Problem -> Search the listing below for the line containing "h \is monic, irreducible_poly". From there through the line containing "If alpha^M = C, pick", transcribe every line exactly, both ends included.

Input material ->
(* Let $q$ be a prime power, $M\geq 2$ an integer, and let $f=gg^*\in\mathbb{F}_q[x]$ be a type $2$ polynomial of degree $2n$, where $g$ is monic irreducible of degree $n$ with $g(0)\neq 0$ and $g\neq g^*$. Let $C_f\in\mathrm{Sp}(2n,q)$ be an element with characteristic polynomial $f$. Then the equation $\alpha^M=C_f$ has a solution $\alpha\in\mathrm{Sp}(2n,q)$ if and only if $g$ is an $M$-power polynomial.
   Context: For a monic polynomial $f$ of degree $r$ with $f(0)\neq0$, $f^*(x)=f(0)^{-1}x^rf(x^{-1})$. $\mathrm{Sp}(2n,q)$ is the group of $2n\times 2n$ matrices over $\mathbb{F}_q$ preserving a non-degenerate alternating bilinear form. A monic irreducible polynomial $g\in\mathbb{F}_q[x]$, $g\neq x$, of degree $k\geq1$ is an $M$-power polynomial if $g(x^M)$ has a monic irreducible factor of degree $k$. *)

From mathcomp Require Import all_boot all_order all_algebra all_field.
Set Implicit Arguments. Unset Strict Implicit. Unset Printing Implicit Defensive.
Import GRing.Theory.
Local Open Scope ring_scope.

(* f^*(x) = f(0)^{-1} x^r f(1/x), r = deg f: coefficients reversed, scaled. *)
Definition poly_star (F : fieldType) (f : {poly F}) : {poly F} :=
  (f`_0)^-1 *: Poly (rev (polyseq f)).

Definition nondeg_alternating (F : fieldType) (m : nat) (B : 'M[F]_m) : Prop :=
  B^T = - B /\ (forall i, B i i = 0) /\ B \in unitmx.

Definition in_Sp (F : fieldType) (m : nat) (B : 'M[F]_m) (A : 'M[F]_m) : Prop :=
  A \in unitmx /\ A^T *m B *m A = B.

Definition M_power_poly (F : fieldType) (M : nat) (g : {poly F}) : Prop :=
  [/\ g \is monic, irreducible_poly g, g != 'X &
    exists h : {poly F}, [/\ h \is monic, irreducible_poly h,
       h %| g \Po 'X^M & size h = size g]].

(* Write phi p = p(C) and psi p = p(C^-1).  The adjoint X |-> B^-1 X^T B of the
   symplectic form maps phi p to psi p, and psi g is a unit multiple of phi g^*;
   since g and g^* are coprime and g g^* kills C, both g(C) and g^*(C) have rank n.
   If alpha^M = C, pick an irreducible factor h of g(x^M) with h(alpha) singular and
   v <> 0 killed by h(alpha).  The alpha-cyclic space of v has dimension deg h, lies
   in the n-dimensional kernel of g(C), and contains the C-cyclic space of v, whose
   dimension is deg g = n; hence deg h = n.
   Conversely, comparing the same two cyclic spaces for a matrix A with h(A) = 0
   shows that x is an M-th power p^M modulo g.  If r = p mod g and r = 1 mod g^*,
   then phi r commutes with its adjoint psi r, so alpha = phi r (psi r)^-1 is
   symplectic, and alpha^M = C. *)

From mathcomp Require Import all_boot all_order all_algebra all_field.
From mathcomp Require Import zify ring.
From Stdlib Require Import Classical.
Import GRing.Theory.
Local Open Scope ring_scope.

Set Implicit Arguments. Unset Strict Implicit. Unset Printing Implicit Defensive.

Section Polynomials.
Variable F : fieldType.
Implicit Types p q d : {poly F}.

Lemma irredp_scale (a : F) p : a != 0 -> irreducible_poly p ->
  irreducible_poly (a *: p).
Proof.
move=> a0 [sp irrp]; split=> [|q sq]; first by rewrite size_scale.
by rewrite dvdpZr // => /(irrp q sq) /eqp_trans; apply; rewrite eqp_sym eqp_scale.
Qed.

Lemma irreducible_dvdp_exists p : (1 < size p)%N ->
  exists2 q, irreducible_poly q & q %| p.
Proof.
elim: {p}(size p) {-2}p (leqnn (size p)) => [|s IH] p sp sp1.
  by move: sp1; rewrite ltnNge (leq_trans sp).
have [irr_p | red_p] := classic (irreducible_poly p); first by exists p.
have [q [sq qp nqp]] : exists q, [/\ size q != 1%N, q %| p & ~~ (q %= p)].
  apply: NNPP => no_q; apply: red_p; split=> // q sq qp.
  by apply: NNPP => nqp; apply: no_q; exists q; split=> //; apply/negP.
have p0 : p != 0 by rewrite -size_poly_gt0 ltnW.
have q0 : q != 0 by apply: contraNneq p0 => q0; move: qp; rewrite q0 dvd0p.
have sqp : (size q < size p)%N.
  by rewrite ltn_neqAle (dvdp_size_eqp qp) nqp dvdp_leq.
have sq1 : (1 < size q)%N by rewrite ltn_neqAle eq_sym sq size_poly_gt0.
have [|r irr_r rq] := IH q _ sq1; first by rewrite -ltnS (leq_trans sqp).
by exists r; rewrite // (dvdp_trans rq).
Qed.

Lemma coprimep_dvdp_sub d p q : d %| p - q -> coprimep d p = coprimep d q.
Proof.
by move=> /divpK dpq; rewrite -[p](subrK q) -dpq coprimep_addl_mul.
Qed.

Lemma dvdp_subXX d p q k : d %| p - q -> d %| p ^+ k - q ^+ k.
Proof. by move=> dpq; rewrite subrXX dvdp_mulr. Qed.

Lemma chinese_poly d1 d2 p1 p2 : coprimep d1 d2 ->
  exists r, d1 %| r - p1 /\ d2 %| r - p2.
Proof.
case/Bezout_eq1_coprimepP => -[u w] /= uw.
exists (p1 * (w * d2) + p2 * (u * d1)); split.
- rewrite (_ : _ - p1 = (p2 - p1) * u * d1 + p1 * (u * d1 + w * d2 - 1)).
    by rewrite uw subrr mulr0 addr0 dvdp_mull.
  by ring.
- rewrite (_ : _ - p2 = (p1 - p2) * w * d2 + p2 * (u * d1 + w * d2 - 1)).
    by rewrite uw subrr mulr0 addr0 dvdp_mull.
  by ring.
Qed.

Response for this exercise ->
    exists h : {poly F}, [/\ h \is monic, irreducible_poly h,
       h %| g \Po 'X^M & size h = size g]].

(* Write phi p = p(C) and psi p = p(C^-1).  The adjoint X |-> B^-1 X^T B of the
   symplectic form maps phi p to psi p, and psi g is a unit multiple of phi g^*;
   since g and g^* are coprime and g g^* kills C, both g(C) and g^*(C) have rank n.
   If alpha^M = C, pick an irreducible factor h of g(x^M) with h(alpha) singular and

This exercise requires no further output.